┌────────

(* If $\Gamma\rhd_{\diamond} \Delta$ then $\mathrm{var}(\Gamma')=\mathrm{var}(\Delta')$ for some $\Gamma'\subseteq \Gamma$, $\Delta'\subseteq \Delta$.
   Context: A $\Sigma$-Nmatrix $\mathbb{M}=\langle V,\cdot_{\mathbb{M}},D\rangle$ has truth-values $V$, designated values $D\subseteq V$, and interprets each $n$-ary connective as a multi-function $V^n\to\wp(V)\setminus\emptyset$. An $\mathbb{M}$-valuation is a map $v$ from formulas to $V$ with $v(\copyright(\varphi_1,\ldots,\varphi_k))\in\copyright_{\mathbb{M}}(v(\varphi_1),\ldots,v(\varphi_k))$. The (multiple-conclusion, Scottian) logic $\rhd_{\mathbb{M}}$ is defined by $\Gamma\rhd_{\mathbb{M}}\Delta$ iff every $\mathbb{M}$-valuation with $v(\Gamma)\subseteq D$ has $v(\Delta)\cap D\neq\emptyset$. Let $\Sigma_\diamond$ contain a single binary connective $\diamond$ (platypus), and let $\mathbb{B}_\diamond=\langle\{0,1\},\cdot,\{1\}\rangle$ interpret it by $\diamond(0,0)=\{0\}$, $\diamond(1,1)=\{1\}$, $\diamond(0,1)=\diamond(1,0)=\{0,1\}$ (i.e. $\diamond(x,y)=\{x\land y,x\lor y\}$). $\rhd_\diamond$ denotes $\rhd_{\mathbb{B}_\diamond}$, and $\mathrm{var}(\Gamma)$ is the set of propositional variables occurring in $\Gamma$. *)

From Stdlib Require Import Arith.

Inductive form : Type :=
| Var : nat -> form
| Plat : form -> form -> form.

(* Truth values V = {0,1} represented by bool; D = {true}. *)
Definition designated (x : bool) : Prop := x = true.

Definition diamond_M (x y z : bool) : Prop := z = andb x y \/ z = orb x y.

Definition valuation (v : form -> bool) : Prop :=
  forall a b, diamond_M (v a) (v b) (v (Plat a b)).

Definition fset := form -> Prop.

Definition cons_diamond (Gamma Delta : fset) : Prop :=
  forall v, valuation v ->
    (forall g, Gamma g -> designated (v g)) ->
    exists d, Delta d /\ designated (v d).

Fixpoint occurs (p : nat) (f : form) : Prop :=
  match f with
  | Var q => p = q
  | Plat a b => occurs p a \/ occurs p b
  end.

Definition var (Gamma : fset) : nat -> Prop :=
  fun p => exists g, Gamma g /\ occurs p g.

Definition subset (A B : fset) : Prop := forall f, A f -> B f.

From Stdlib Require Import ClassicalEpsilon.

(* For a set P of variables let F(P) be the set of those p in P that occur both
   in a formula of Gamma and in a formula of Delta all of whose variables lie in
   P.  F is monotone and F(P) is included in P.  If some nonempty P satisfies
   P = F(P), the formulas of Gamma and of Delta with all variables in P have
   exactly the variables P.  Otherwise iterate F transfinitely from the set of
   all variables: the stages form a chain, every variable p has a last stage
   H(p) containing it, and p is not in F(H(p)).  Choosing in every formula f a
   variable w(f) whose stage contains all variables of f, with
   w(a <> b) in {w(a), w(b)}, the map f |-> [w(f) occurs in a formula of Gamma
   with variables in H(w(f))] is a valuation, because <>(x, y) contains x and y;
   it designates every formula of Gamma and no formula of Delta. *)

Definition incl {A : Type} (P Q : A -> Prop) : Prop := forall a, P a -> Q a.

Definition meet {A : Type} (S : (A -> Prop) -> Prop) : A -> Prop :=
  fun a => forall P, S P -> P a.

Section Tower.

Variable A : Type.
Variable F : (A -> Prop) -> (A -> Prop).
Hypothesis F_mono : forall P Q, incl P Q -> incl (F P) (F Q).
Hypothesis F_incl : forall P, incl (F P) P.

(* The transfinite iteration of F from the full set, without ordinals. *)
Inductive tower : (A -> Prop) -> Prop :=
| tower_F P : tower P -> tower (F P)
| tower_meet S : (forall P, S P -> tower P) -> tower (meet S).

Definition extreme (C : A -> Prop) : Prop :=
  forall X, tower X -> incl C X -> incl X C \/ incl C (F X).

Lemma extreme_tower_split C :
  extreme C -> forall X, tower X -> incl C X \/ incl X (F C).
Proof.
  intros HC X TX; induction TX as [Y TY IH | S TS IH].
  - destruct IH as [CY | YFC].
    + destruct (HC Y TY CY) as [YC | CFY]; [right; apply F_mono | left]; assumption.
    + right; intros a FYa; apply YFC, F_incl, FYa.
  - destruct (classic (exists P, S P /\ incl P (F C))) as [[P [SP PFC]] | NS].
    + right; intros a Ma; apply PFC, Ma, SP.
    + left; intros a Ca P SP.
      destruct (IH P SP) as [CP | PFC]; [apply CP, Ca |].
      exfalso; apply NS; exists P; split; assumption.
Qed.

Lemma tower_extreme C : tower C -> extreme C.
Proof.
  intros TC; induction TC as [D TD IH | S TS IH]; intros X TX CX.
  - destruct (extreme_tower_split D IH X TX) as [DX | XFD].
    + right; apply F_mono, DX.
    + left; exact XFD.
  - destruct (classic (exists P, S P /\ incl P (F X))) as [[P [SP PFX]] | NS].
    + right; intros a Ma; apply PFX, Ma, SP.
    + left; intros a Xa P SP.
      destruct (extreme_tower_split P (IH P SP) X TX) as [PX | XFP].
      * destruct (IH P SP X TX PX) as [XP | PFX]; [apply XP, Xa |].
        exfalso; apply NS; exists P; split; assumption.
      * apply F_incl, XFP, Xa.
Qed.

Lemma tower_chain X Y : tower X -> tower Y -> incl X Y \/ incl Y X.
Proof.
  intros TX TY.
  destruct (extreme_tower_split Y (tower_extreme Y TY) X TX) as [YX | XFY].
  - right; exact YX.
  - left; intros a Xa; apply F_incl, XFY, Xa.
Qed.

Definition tower_hull (a : A) : A -> Prop := meet (fun T => tower T /\ T a).

Lemma tower_hull_tower a : tower (tower_hull a).
Proof. apply tower_meet; intros P [TP _]; exact TP. Qed.

Lemma tower_hull_self a : tower_hull a a.
Proof. intros P [_ Pa]; exact Pa. Qed.

Lemma tower_hull_chain a b :
  incl (tower_hull a) (tower_hull b) \/ incl (tower_hull b) (tower_hull a).
Proof. apply tower_chain; apply tower_hull_tower. Qed.

Lemma tower_hull_postfix a :
  F (tower_hull a) a -> incl (tower_hull a) (F (tower_hull a)).
Proof.
  intros Fa b Hb; apply Hb; split; [apply tower_F, tower_hull_tower | exact Fa].
Qed.

End Tower.

Definition restrict (G : fset) (P : nat -> Prop) : fset :=
  fun g => G g /\ forall p, occurs p g -> P p.

Definition shared_vars (G D : fset) (P : nat -> Prop) : nat -> Prop :=
  fun p => var (restrict G P) p /\ var (restrict D P) p.

Lemma var_restrict_incl G P : incl (var (restrict G P)) P.
Proof. intros p [g [[_ Hg] Hp]]; apply Hg, Hp. Qed.

Lemma shared_vars_mono G D P Q :
  incl P Q -> incl (shared_vars G D P) (shared_vars G D Q).
Proof.
  intros PQ p [[g [[Gg Hg] Og]] [d [[Dd Hd] Od]]].
  split; [exists g | exists d]; repeat split; auto.
Qed.

Lemma shared_vars_incl G D P : incl (shared_vars G D P) P.
Proof. intros p [Hp _]; apply (var_restrict_incl G P), Hp. Qed.

Lemma valuation_of_selection (v : form -> bool) :
  (forall a b, v (Plat a b) = v a \/ v (Plat a b) = v b) -> valuation v.
Proof.
  intros Hv a b; unfold diamond_M.
  destruct (Hv a b) as [E | E]; rewrite E;
    destruct (v a), (v b); simpl; auto.
Qed.

Definition truth (P : Prop) : bool :=
  if excluded_middle_informative P then true else false.

Lemma truth_true P : truth P = true <-> P.
Proof.
  unfold truth; destruct (excluded_middle_informative P); split; congruence.
Qed.

Section Countermodel.

Variable H : nat -> nat -> Prop.
Hypothesis H_self : forall p, H p p.
Hypothesis H_chain : forall p q, incl (H p) (H q) \/ incl (H q) (H p).

Fixpoint top_var (f : form) : nat :=
  match f with
  | Var p => p
  | Plat a b =>
      if excluded_middle_informative (forall q, occurs q b -> H (top_var a) q)
      then top_var a else top_var b
  end.

Lemma top_var_spec f :
  occurs (top_var f) f /\ forall q, occurs q f -> H (top_var f) q.
Proof.
  induction f as [p | a [Oa Ha] b [Ob Hb]]; simpl.
  - split; [reflexivity | intros q ->; apply H_self].
  - destruct (excluded_middle_informative _) as [Hab | Hab].
    + split; [left; exact Oa | intros q [Oq | Oq]; auto].
    + split; [right; exact Ob |].
      destruct (H_chain (top_var a) (top_var b)) as [Iab | Iba].
      * intros q [Oq | Oq]; auto.
      * exfalso; apply Hab; intros q Oq; apply Iba, Hb, Oq.
Qed.

Lemma var_restrict_top_var G f :
  G f -> var (restrict G (H (top_var f))) (top_var f).
Proof.
  intros Gf; destruct (top_var_spec f) as [Of Hf].
  exists f; repeat split; assumption.
Qed.

Lemma not_cons_diamond Gamma Delta :
  (forall p, ~ shared_vars Gamma Delta (H p) p) -> ~ cons_diamond Gamma Delta.
Proof.
  intros Hnot Hc.
  set (v f := truth (var (restrict Gamma (H (top_var f))) (top_var f))).
  destruct (Hc v) as [d [Dd Vd]].
  - apply valuation_of_selection; intros a b; unfold v; simpl.
    destruct (excluded_middle_informative _); auto.
  - intros g Gg; apply truth_true, var_restrict_top_var, Gg.
  - apply (Hnot (top_var d)); split.
    + apply truth_true, Vd.
    + apply var_restrict_top_var, Dd.
Qed.

End Countermodel.

Theorem proposition2 (Gamma Delta : fset) :
  cons_diamond Gamma Delta ->
  exists Gamma' Delta' : fset,
    subset Gamma' Gamma /\ subset Delta' Delta /\
    (exists g, Gamma' g) /\ (exists d, Delta' d) /\
    (forall p, var Gamma' p <-> var Delta' p).
Proof.
  intros Hc.
  set (F := shared_vars Gamma Delta).
  pose proof (shared_vars_mono Gamma Delta) as F_mono.
  pose proof (shared_vars_incl Gamma Delta) as F_incl.
  destruct (classic (exists p, F (tower_hull _ F p) p)) as [[p Fp] | Hnone].
  - set (P := tower_hull _ F p).
    assert (PF : incl P (F P)) by (apply tower_hull_postfix; assumption).
    destruct (PF p (tower_hull_self _ F p)) as [[g [Gg _]] [d [Dd _]]].
    exists (restrict Gamma P), (restrict Delta P).
    repeat split.
    + intros f [Hf _]; exact Hf.
    + intros f [Hf _]; exact Hf.
    + exists g; exact Gg.
    + exists d; exact Dd.
    + intros Hq; apply PF, (var_restrict_incl Gamma P), Hq.
    + intros Hq; apply PF, (var_restrict_incl Delta P), Hq.
  - exfalso; apply (not_cons_diamond (tower_hull _ F) (tower_hull_self _ F)
                      (tower_hull_chain _ F F_mono F_incl) Gamma Delta); [| exact Hc].
    intros p Fp; apply Hnone; exists p; exact Fp.
Qed.
(* Every vector embeds its own nonzero entries (the coordinate p0 only
   witnesses that 'I_n is inhabited). *)
Lemma embeds_nonzeros n (r : 'I_n -> int) (p0 : 'I_n) : embeds r (nonzeros r).
Proof.
set A := [seq p <- enum 'I_n | r p != 0].
have HA : nonzeros r = [seq r p | p <- A] by rewrite /nonzeros filter_map.
have HuA : uniq A by rewrite filter_uniq // enum_uniq.
have Hsz : size (nonzeros r) = size A by rewrite HA size_map.
have Hinj i j : (i < size (nonzeros r))%N -> (j < size (nonzeros r))%N ->
    nth p0 A i = nth p0 A j -> i = j.
  by rewrite Hsz => Hi Hj /eqP; rewrite nth_uniq // => /eqP.
exists (nth p0 A), (fun _ => 1); split => [||p]; [exact: Hinj | by rewrite /pm1 eqxx |].
pose F j := 1 * (nonzeros r)`_j.
case: (boolP (p \in A)) => Hp.
  rewrite -{2}(nth_index p0 Hp) (sum_pick F Hinj) ?Hsz ?index_mem //.
  by rewrite /F mul1r HA (nth_map p0) ?index_mem // nth_index.
rewrite (sum_none F).
  by move: Hp; rewrite mem_filter mem_enum andbT negbK => /eqP.
by move=> j; rewrite Hsz => Hj; apply: contraNneq Hp => <-; rewrite mem_nth.
Qed.

Lemma nonzeros_embeds n (r : 'I_n -> int) u :
  embeds r u -> all (fun z => z != 0) u ->
  perm_eq [seq absz z | z <- nonzeros r] [seq absz z | z <- u].
Proof.
case=> h [e [Hinj He Hr]] Hu.
have Hval j : (j < size u)%N -> r (h j) = e j * u`_j.
  by move=> Hj; rewrite Hr (sum_pick (fun j => e j * u`_j) Hinj Hj).
have Hnz j : (j < size u)%N -> r (h j) != 0.
  move=> Hj; rewrite Hval // mulf_eq0 negb_or pm1_neq0 //=.
  exact: (allP Hu) (mem_nth 0 Hj).
set A := [seq p <- enum 'I_n | r p != 0].
set B := [seq h j | j <- iota 0 (size u)].
have HAB : perm_eq A B.
  apply: uniq_perm; first by rewrite filter_uniq // enum_uniq.
    rewrite map_inj_in_uniq ?iota_uniq // => i j.
    by rewrite !mem_iota /= !add0n; exact: Hinj.
  move=> p; rewrite mem_filter mem_enum andbT; apply/idP/idP => [Hp | /mapP [j]].
    apply: contraR Hp => HpB; rewrite Hr (sum_none (fun j => e j * u`_j)) // => j Hj.
    by apply: contraNneq HpB => <-; rewrite map_f // mem_iota.
  by rewrite mem_iota /= add0n => Hj ->; exact: Hnz.
have HB : [seq absz (r p) | p <- B] = [seq absz z | z <- u].
  rewrite -{1}(mkseq_nth 0 u) /mkseq -!map_comp; apply/eq_in_map => j.
  by rewrite mem_iota /= add0n => Hj /=; rewrite Hval // absz_pm1.
by rewrite /nonzeros filter_map -/A -map_comp -HB; exact: perm_map.
Qed.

└────────

Exercise
Send back an exact copy of only the lines from the line with "tower (F P)" up to and including the line with "intros a Ca P SP." in the data above.

Task answer
| tower_F P : tower P -> tower (F P)
| tower_meet S : (forall P, S P -> tower P) -> tower (meet S).

Definition extreme (C : A -> Prop) : Prop :=
  forall X, tower X -> incl C X -> incl X C \/ incl C (F X).

Lemma extreme_tower_split C :
  extreme C -> forall X, tower X -> incl C X \/ incl X (F C).
Proof.
  intros HC X TX; induction TX as [Y TY IH | S TS IH].
  - destruct IH as [CY | YFC].
    + destruct (HC Y TY CY) as [YC | CFY]; [right; apply F_mono | left]; assumption.
    + right; intros a FYa; apply YFC, F_incl, FYa.
  - destruct (classic (exists P, S P /\ incl P (F C))) as [[P [SP PFC]] | NS].
    + right; intros a Ma; apply PFC, Ma, SP.
    + left; intros a Ca P SP.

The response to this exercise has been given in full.